*What the task requires*. Up to and including the line containing "replace (s +", set down each line of the entries below exactly, starting from the first, and leave out the rest.

Data shown START

(* Shifting by a multiple of the period L that is = r mod q moves the residue class 0 onto
   the class r; hence all classes carry the same count of an L-periodic predicate. *)
Lemma class_count_uniform (H : nat -> bool) L Linv q r : 0 < q -> r < q ->
  (forall m k, H (m + k * L) = H m) -> (L * Linv) mod q = 1 ->
  cnt (fun m => H m && (m mod q =? r)) 0 (q * L) = cnt (fun m => H m && (m mod q =? 0)) 0 (q * L).
Proof.
  intros Hq Hr HP HL. set (s := r * Linv * L).
  assert (Hs : s mod q = r).
  { unfold s. replace (r * Linv * L) with (r * (L * Linv)) by ring.
    rewrite Nat.Div0.mul_mod, HL, Nat.mul_1_r, Nat.Div0.mod_mod. apply Nat.mod_small, Hr. }
  rewrite <- (cnt_window _ _ s), cnt_shift.
  - apply cnt_ext. intros k _.
    replace (s + k) with (k + (r * Linv) * L) by (unfold s; ring). rewrite HP. f_equal.
    rewrite Nat.Div0.add_mod. fold s. rewrite Hs.
    assert (Ha : k mod q < q) by (apply Nat.mod_upper_bound; lia).
    destruct (Nat.eq_dec (k mod q) 0) as [E | E].
    + rewrite E, Nat.add_0_l, Nat.mod_small, !Nat.eqb_refl by lia. reflexivity.
    + rewrite (proj2 (Nat.eqb_neq _ _) E). apply Nat.eqb_neq. intros Heq.
      assert (Ed := Nat.div_mod_eq (k mod q + r) q). rewrite Heq in Ed.
      set (t := (k mod q + r) / q) in Ed. clearbody t. destruct t; nia.
  - intros m. rewrite HP, (Nat.mul_comm q L), Nat.Div0.mod_add. reflexivity.
Qed.

Lemma class_equidistribution (H : nat -> bool) L Linv q r : 0 < q -> r < q ->
  (forall m k, H (m + k * L) = H m) -> (L * Linv) mod q = 1 ->
  cnt (fun m => H m && (m mod q =? r)) 0 (q * L) = cnt H 0 L.
Proof.
  intros Hq Hr HP HL.
  assert (Htot : cnt H 0 (q * L) = q * cnt H 0 L).
  { apply cnt_periods. intros m. rewrite <- (HP m 1). f_equal. lia. }
  rewrite (cnt_by_residue H q), (sum_below_ext _ (fun _ => cnt (fun m => H m && (m mod q =? 0)) 0 (q * L)))
    in Htot by (try lia; intros r' Hr'; apply (class_count_uniform _ _ Linv); assumption).
  rewrite sum_below_const in Htot. rewrite (class_count_uniform _ _ Linv) by assumption. nia.
Qed.
End Counting.

Section Sieve.
Local Open Scope nat_scope.

Definition coprime6 (d : nat) : bool := negb (d mod 2 =? 0) && negb (d mod 3 =? 0).

Definition sieve_moduli (P : nat) : list nat := filter coprime6 (seq 2 P).

Definition sieve_root (P : nat) : nat := fold_right Nat.mul 1 (sieve_moduli P).

(* The sieve condition is periodic modulo the square of the product of the moduli. *)
Definition sieve_period (P : nat) : nat := sieve_root P * sieve_root P.

Definition sieve_free (P m : nat) : bool :=
  forallb (fun d => negb (m mod (d * d) =? 0)) (sieve_moduli P).

(* The residues mod 36 outside Q: divisible neither by 4 nor by 9. *)
Definition admissible (m : nat) : bool := negb (m mod 4 =? 0) && negb (m mod 9 =? 0).

Lemma coprime6_mod6 d : coprime6 d = true -> d mod 6 = 1 \/ d mod 6 = 5.
Proof.
  unfold coprime6. rewrite andb_true_iff, !negb_true_iff, !Nat.eqb_neq. intros [H2 H3].
  assert (d = 6 * (d / 6) + d mod 6) by apply Nat.div_mod_eq.
  assert (d mod 6 < 6) by (apply Nat.mod_upper_bound; lia).
  assert (d = 2 * (d / 2) + d mod 2) by apply Nat.div_mod_eq.
  assert (d mod 2 < 2) by (apply Nat.mod_upper_bound; lia).
  assert (d = 3 * (d / 3) + d mod 3) by apply Nat.div_mod_eq.
  assert (d mod 3 < 3) by (apply Nat.mod_upper_bound; lia).
  lia.
Qed.

Lemma unit6_prod l : (forall d, In d l -> d mod 6 = 1 \/ d mod 6 = 5) ->
  fold_right Nat.mul 1 l mod 6 = 1 \/ fold_right Nat.mul 1 l mod 6 = 5.
Proof.
  induction l as [|d l IH]; intros H; [left; reflexivity |]. cbn [fold_right].
  rewrite Nat.Div0.mul_mod.
  destruct (H d (or_introl eq_refl)) as [-> | ->], (IH (fun e He => H e (or_intror He))) as [-> | ->];
    simpl; auto.
Qed.

Lemma sieve_root_unit6 P : sieve_root P mod 6 = 1 \/ sieve_root P mod 6 = 5.
Proof. apply unit6_prod. intros d Hd. apply filter_In in Hd. apply coprime6_mod6, Hd. Qed.

(* L is coprime to 6, in particular positive. *)
Lemma sieve_period_pos P : 0 < sieve_period P.
Proof.
  assert (H := sieve_root_unit6 P). unfold sieve_period.
  destruct (sieve_root P); [simpl in H; lia | nia].
Qed.

(* The unit group of Z/36 has exponent 6. *)
Lemma sixth_power_mod36 k : k mod 6 = 1 \/ k mod 6 = 5 -> (k * k * (k * k * (k * k))) mod 36 = 1.
Proof.
  intros Hk. set (k0 := k mod 36). set (l := (k0 * k0) mod 36).
  assert (Hk0 : k0 < 36) by (apply Nat.mod_upper_bound; lia).
  assert (E6 : k0 mod 6 = k mod 6).
  { assert (Ek : k = k0 + (6 * (k / 36)) * 6) by (unfold k0; generalize (Nat.div_mod_eq k 36); lia).
    rewrite Ek at 1. symmetry. apply Nat.Div0.mod_add. }
  assert (El : (k * k) mod 36 = l mod 36).
  { unfold l. rewrite Nat.Div0.mod_mod. apply mul_mod_compat; symmetry; apply Nat.Div0.mod_mod. }
  assert (E : (k * k * (k * k * (k * k))) mod 36 = (l * ((l * l) mod 36)) mod 36).
  { apply mul_mod_compat; [exact El |]. rewrite Nat.Div0.mod_mod. apply mul_mod_compat; exact El. }
  assert (C := check_below (fun j => negb ((j mod 6 =? 1) || (j mod 6 =? 5))
                 || (let l := (j * j) mod 36 in (l * ((l * l) mod 36)) mod 36 =? 1))
                 36 ltac:(vm_compute; reflexivity) k0 Hk0).
  rewrite E. rewrite <- E6 in Hk. cbv beta zeta in C. fold l in C.
  destruct Hk as [H | H]; rewrite H in C; apply Nat.eqb_eq, C.
Qed.

(* L is a unit mod 36 with inverse L^2. *)
Lemma sieve_period_cube P : (sieve_period P * (sieve_period P * sieve_period P)) mod 36 = 1.
Proof.
  unfold sieve_period. apply sixth_power_mod36, sieve_root_unit6.
Qed.

Lemma admissible_mod36 m : admissible m = admissible (m mod 36).
Proof.
  assert (E4 := mod_reduce m 4 9). assert (E9 := mod_reduce m 9 4).
  change (9 * 4) with 36 in E4. change (4 * 9) with 36 in E9.
  unfold admissible. rewrite E4, E9. reflexivity.
Qed.

Lemma forallb_ext_in {A : Type} (f g : A -> bool) l :
  (forall x, In x l -> f x = g x) -> forallb f l = forallb g l.
Proof.
  induction l as [|a l IH]; simpl; intros H; [reflexivity |].
  rewrite H, IH by auto. reflexivity.
Qed.

Lemma in_prod_divides d l : In d l -> Nat.divide d (fold_right Nat.mul 1 l).
Proof.
  induction l as [|e l IH]; simpl; intros H; [contradiction |].
  destruct H as [<- | H]; [apply Nat.divide_factor_l | apply Nat.divide_mul_r, IH, H].
Qed.

Lemma sieve_free_periodic P m k : sieve_free P (m + k * sieve_period P) = sieve_free P m.
Proof.
  apply forallb_ext_in. intros d Hd. destruct (in_prod_divides d _ Hd) as [e He].
  unfold sieve_period, sieve_root. rewrite He.
  replace (m + k * (e * d * (e * d))) with (m + (k * e * e) * (d * d)) by ring.
  rewrite Nat.Div0.mod_add. reflexivity.
Qed.

Definition sieve_survivors (P : nat) : nat := cnt (sieve_free P) 0 (sieve_period P).

Lemma sieve_free_in_class P r : r < 36 ->
  cnt (fun m => sieve_free P m && (m mod 36 =? r)) 0 (36 * sieve_period P) = sieve_survivors P.
Proof.
  intros Hr. apply (class_equidistribution _ _ (sieve_period P * sieve_period P)); try lia.
  - apply sieve_free_periodic.
  - apply sieve_period_cube.
Qed.

Lemma sieved_out_in_class P r : r < 36 ->
  cnt (fun m => (m mod 36 =? r) && negb (sieve_free P m)) 0 (36 * sieve_period P)
  + sieve_survivors P = sieve_period P.
Proof.
  intros Hr.
  assert (E1 := cnt_split (fun m => m mod 36 =? r) (sieve_free P) 0 (36 * sieve_period P)).
  assert (E2 : cnt (fun m => m mod 36 =? r) 0 (36 * sieve_period P) = sieve_period P).
  { rewrite Nat.mul_comm, cnt_periods, cnt_residue_once by (try lia; intros m; rewrite mod_add_modulus; reflexivity).
    lia. }
  rewrite (cnt_ext (fun k => (k mod 36 =? r) && sieve_free P k) (fun m => sieve_free P m && (m mod 36 =? r)))
    in E1 by (intros; apply andb_comm).
  rewrite sieve_free_in_class in E1 by exact Hr. lia.
Qed.

Lemma sieve_survivors_le P : sieve_survivors P <= sieve_period P.
Proof. assert (H := sieved_out_in_class P 0 ltac:(lia)). lia. Qed.

(* Exactly 24 of the 36 residue classes are admissible. *)
Lemma admissible_sieve_free_count P :
  cnt (fun m => sieve_free P m && admissible m) 0 (36 * sieve_period P) = 24 * sieve_survivors P.
Proof.
  rewrite (cnt_by_residue _ 36) by lia.
  rewrite (sum_below_ext _ (fun r => if admissible r then sieve_survivors P else 0)).
  - rewrite sum_below_select. replace (cnt admissible 0 36) with 24 by reflexivity. reflexivity.
  - intros r Hr. rewrite (cnt_ext _ (fun m => admissible r && (sieve_free P m && (m mod 36 =? r)))).
    + destruct (admissible r); [exact (sieve_free_in_class P r Hr) | apply cnt_false].
    + intros k _. destruct (Nat.eqb_spec (k mod 36) r) as [E | E].
      * rewrite admissible_mod36, E. destruct (sieve_free P k), (admissible r); reflexivity.
      * destruct (sieve_free P k), (admissible k), (admissible r); reflexivity.
Qed.

Lemma admissible_sieve_free_periodic P m :
  (sieve_free P (m + 36 * sieve_period P) && admissible (m + 36 * sieve_period P))
  = (sieve_free P m && admissible m).
Proof.
  rewrite sieve_free_periodic, admissible_mod36, (admissible_mod36 m), (Nat.mul_comm 36), Nat.Div0.mod_add.
  reflexivity.
Qed.

Lemma square_times_squarefree n : 1 <= n ->
  exists k s, 1 <= k /\ n = k * k * s /\ (forall d, 2 <= d -> s mod (d * d) <> 0).
Proof.
  induction n as [n IH] using lt_wf_ind. intros Hn.
  destruct (classic (exists d, 2 <= d /\ n mod (d * d) = 0)) as [[d [Hd Hm]] | Hno].
  - apply Nat.Div0.mod_divides in Hm. destruct Hm as [n' Hn'].
    assert (1 <= n') by (destruct n'; nia).
    assert (4 <= d * d) by nia.
    destruct (IH n' ltac:(nia) H) as [k [s [Hk [E Hs]]]].
    exists (d * k), s. repeat split; [nia | rewrite Hn', E; ring | exact Hs].
  - exists 1, n. repeat split; [lia | lia |]. intros d Hd Hm. apply Hno. eauto.
Qed.

Lemma squarefree_survives P s : (forall d, 2 <= d -> s mod (d * d) <> 0) ->
  sieve_free P s && admissible s = true.
Proof.
  intros Hq. apply andb_true_iff. split.
  - apply forallb_forall. intros d Hd. apply filter_In in Hd. destruct Hd as [Hd _].
    apply in_seq in Hd. apply negb_true_iff, Nat.eqb_neq, Hq. lia.
  - apply andb_true_iff. split; apply negb_true_iff, Nat.eqb_neq; [apply (Hq 2) | apply (Hq 3)]; lia.
Qed.
Lemma Cfac_numerator_segment p q r : 0 < p -> 0 < Cfac_numerator p q -> 0 <= r <= 1 ->
  0 < Cfac_numerator (1 + r * (p - 1)) (r * q).
Proof.
  unfold Cfac_numerator. intros Hp H Hr.
  destruct (Rle_dec 1 p) as [H1|H1].
  - assert (0 <= r * (p - 1)) by (apply Rmult_le_pos; lra).
    assert (0 <= (1 + r * (p - 1) - 1) * ((1 + r * (p - 1)) * (1 + r * (p - 1)) + r * q * (r * q)))
      by (apply Rmult_le_pos; nra).
    lra.
  - set (e := 1 - p). assert (He : 0 < e < 1) by (unfold e; lra).
    (* With p = 1 - e the numerator is N e - e q^2; moving towards 1 scales (e, q) by r,
       which does not decrease N and does not increase e q^2. *)
    set (N := fun y => 1 - 2 * y + 2 * y * y - y * y * y).
    replace ((1 + r * (p - 1) - 1) * ((1 + r * (p - 1)) * (1 + r * (p - 1)) + r * q * (r * q))
             + (1 + r * (p - 1))) with (N (r * e) - r * r * r * e * q * q) by (unfold N, e; ring).
    replace ((p - 1) * (p * p + q * q) + p) with (N e - e * q * q) in H by (unfold N, e; ring).
    assert (HN : N e <= N (r * e)).
    { replace (N e) with (N (r * e) - (e - r * e) * ((1 - r * e - e) * (1 - r * e - e) + 1 - r * e * e))
        by (unfold N; ring).
      assert (0 <= e - r * e) by nra. assert (r * e * e < 1) by nra.
      assert (0 <= (1 - r * e - e) * (1 - r * e - e)) by apply Rle_0_sqr.
      assert (0 <= (e - r * e) * ((1 - r * e - e) * (1 - r * e - e) + 1 - r * e * e))
        by (apply Rmult_le_pos; lra).
      lra. }
    assert (r * r * r * (e * q * q) <= e * q * q).
    { assert (0 <= e * q * q) by nra. assert (r * r * r <= 1) by nra. nra. }
    nra.
Qed.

Data shown END

*Solution to the problem*.
(* Shifting by a multiple of the period L that is = r mod q moves the residue class 0 onto
   the class r; hence all classes carry the same count of an L-periodic predicate. *)
Lemma class_count_uniform (H : nat -> bool) L Linv q r : 0 < q -> r < q ->
  (forall m k, H (m + k * L) = H m) -> (L * Linv) mod q = 1 ->
  cnt (fun m => H m && (m mod q =? r)) 0 (q * L) = cnt (fun m => H m && (m mod q =? 0)) 0 (q * L).
Proof.
  intros Hq Hr HP HL. set (s := r * Linv * L).
  assert (Hs : s mod q = r).
  { unfold s. replace (r * Linv * L) with (r * (L * Linv)) by ring.
    rewrite Nat.Div0.mul_mod, HL, Nat.mul_1_r, Nat.Div0.mod_mod. apply Nat.mod_small, Hr. }
  rewrite <- (cnt_window _ _ s), cnt_shift.
  - apply cnt_ext. intros k _.
    replace (s + k) with (k + (r * Linv) * L) by (unfold s; ring). rewrite HP. f_equal.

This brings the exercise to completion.